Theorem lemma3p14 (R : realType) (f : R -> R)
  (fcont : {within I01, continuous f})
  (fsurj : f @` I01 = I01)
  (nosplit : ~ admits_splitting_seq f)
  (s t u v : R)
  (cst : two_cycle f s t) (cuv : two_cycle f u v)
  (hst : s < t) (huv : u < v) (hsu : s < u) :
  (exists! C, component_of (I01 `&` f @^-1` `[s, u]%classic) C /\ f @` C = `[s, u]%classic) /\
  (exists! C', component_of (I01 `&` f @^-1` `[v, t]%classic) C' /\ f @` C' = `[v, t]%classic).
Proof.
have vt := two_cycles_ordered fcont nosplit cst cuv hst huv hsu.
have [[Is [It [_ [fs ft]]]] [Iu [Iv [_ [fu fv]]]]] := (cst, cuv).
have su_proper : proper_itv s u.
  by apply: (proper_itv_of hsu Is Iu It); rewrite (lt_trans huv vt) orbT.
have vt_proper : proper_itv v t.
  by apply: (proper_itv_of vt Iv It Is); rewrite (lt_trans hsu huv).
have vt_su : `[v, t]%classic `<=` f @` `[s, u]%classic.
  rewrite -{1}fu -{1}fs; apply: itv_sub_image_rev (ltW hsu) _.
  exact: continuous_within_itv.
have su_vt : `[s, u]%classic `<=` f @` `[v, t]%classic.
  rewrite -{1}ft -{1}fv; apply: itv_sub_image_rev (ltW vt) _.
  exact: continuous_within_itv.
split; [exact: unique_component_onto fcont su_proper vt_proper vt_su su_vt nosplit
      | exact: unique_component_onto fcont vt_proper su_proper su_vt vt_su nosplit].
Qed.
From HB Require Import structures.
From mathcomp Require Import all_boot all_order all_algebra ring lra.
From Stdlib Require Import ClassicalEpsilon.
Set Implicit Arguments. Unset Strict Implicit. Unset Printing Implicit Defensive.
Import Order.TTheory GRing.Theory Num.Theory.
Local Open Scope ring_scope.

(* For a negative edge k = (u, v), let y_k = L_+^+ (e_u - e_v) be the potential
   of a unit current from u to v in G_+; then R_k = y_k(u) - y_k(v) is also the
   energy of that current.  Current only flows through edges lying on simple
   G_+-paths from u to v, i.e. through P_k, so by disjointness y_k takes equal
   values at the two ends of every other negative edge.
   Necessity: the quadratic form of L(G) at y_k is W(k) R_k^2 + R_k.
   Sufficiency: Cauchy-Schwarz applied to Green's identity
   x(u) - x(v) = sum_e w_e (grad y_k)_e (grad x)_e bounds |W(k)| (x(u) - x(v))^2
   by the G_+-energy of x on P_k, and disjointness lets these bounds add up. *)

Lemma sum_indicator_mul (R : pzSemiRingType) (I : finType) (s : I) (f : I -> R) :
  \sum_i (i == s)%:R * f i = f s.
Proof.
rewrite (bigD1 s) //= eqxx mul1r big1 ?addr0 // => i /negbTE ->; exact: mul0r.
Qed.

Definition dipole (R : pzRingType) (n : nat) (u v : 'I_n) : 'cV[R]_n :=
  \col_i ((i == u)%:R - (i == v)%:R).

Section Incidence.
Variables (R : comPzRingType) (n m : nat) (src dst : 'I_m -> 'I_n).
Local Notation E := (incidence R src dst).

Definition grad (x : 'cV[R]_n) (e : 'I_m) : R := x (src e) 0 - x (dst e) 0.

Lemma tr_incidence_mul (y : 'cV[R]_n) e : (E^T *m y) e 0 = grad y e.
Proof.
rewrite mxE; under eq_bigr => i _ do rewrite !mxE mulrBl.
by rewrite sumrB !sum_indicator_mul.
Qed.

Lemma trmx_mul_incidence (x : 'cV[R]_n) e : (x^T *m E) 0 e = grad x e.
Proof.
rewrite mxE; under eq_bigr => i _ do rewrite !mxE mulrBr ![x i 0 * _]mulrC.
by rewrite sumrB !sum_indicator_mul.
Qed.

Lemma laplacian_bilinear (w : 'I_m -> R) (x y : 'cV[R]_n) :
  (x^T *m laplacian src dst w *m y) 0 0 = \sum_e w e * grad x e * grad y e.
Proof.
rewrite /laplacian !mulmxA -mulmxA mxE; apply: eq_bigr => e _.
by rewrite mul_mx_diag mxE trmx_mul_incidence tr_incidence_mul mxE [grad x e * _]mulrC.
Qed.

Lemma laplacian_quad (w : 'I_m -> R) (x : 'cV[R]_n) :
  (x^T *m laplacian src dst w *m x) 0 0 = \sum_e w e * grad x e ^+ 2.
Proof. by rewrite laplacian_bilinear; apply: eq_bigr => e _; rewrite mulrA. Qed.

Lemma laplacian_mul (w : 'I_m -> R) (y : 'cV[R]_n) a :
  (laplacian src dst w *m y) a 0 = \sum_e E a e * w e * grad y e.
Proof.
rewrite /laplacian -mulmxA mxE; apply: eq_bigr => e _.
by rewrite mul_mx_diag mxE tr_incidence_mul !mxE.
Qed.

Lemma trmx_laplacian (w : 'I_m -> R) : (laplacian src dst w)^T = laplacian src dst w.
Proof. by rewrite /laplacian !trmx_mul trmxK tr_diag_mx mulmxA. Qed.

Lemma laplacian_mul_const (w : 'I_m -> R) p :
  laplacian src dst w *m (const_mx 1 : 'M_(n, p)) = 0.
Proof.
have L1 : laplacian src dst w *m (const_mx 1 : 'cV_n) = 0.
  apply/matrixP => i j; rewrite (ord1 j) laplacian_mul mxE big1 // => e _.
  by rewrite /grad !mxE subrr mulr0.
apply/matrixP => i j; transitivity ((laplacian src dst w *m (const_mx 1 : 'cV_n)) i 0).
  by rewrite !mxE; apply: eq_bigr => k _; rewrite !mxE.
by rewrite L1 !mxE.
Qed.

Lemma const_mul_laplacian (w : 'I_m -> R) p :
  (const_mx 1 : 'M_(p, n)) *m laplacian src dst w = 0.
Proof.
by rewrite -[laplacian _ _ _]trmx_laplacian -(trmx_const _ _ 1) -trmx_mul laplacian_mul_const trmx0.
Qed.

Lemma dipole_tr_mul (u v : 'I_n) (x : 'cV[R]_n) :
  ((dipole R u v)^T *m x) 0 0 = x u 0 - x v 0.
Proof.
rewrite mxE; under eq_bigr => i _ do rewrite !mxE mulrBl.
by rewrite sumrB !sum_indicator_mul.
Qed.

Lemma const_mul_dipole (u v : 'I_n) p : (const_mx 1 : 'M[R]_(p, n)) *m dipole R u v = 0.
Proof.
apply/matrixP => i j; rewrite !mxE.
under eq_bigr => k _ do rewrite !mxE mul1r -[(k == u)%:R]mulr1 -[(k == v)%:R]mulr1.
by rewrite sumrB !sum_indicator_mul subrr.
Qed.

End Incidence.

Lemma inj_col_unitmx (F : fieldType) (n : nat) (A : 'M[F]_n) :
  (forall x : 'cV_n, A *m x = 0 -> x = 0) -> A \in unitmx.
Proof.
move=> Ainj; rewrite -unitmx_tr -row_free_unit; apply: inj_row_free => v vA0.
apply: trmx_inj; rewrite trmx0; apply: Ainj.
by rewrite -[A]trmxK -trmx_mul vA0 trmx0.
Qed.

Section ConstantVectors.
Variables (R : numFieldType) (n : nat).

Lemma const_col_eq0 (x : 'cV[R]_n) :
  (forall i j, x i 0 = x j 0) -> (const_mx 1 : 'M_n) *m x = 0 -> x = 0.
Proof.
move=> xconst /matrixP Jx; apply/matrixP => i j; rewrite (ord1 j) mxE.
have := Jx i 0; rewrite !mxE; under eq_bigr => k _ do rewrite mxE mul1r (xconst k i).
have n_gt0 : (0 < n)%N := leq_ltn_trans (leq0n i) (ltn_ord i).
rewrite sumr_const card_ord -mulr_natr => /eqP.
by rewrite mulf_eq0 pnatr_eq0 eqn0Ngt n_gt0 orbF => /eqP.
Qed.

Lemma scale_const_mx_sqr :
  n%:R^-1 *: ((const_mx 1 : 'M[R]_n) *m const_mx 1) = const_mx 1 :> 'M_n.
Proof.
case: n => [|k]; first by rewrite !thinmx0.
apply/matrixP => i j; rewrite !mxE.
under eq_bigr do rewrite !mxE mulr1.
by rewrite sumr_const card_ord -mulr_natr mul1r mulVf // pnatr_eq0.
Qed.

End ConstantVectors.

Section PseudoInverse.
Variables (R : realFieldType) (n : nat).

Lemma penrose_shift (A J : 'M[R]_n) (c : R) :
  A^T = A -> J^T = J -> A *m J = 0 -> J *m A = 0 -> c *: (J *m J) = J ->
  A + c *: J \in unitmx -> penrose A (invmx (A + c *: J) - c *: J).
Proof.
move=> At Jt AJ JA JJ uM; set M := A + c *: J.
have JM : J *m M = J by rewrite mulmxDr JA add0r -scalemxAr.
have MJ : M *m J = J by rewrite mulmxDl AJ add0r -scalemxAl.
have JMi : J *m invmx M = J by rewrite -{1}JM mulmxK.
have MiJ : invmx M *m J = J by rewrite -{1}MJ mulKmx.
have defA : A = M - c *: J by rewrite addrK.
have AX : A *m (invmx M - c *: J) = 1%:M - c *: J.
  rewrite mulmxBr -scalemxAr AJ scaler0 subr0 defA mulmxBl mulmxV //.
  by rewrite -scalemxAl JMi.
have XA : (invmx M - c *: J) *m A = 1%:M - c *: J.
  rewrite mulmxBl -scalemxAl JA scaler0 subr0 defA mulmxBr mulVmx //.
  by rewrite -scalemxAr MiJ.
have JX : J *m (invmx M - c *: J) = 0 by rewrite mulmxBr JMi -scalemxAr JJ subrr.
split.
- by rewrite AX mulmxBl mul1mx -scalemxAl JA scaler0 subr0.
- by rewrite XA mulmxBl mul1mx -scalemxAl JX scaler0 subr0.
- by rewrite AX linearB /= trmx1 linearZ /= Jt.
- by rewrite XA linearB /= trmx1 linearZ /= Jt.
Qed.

# [Description of the task]
Repeat exactly, and only, the run of lines from the start of the material above through the line that holds "(hst : s < t)".

# [Solution for this task]
Theorem lemma3p14 (R : realType) (f : R -> R)
  (fcont : {within I01, continuous f})
  (fsurj : f @` I01 = I01)
  (nosplit : ~ admits_splitting_seq f)
  (s t u v : R)
  (cst : two_cycle f s t) (cuv : two_cycle f u v)
  (hst : s < t) (huv : u < v) (hsu : s < u) :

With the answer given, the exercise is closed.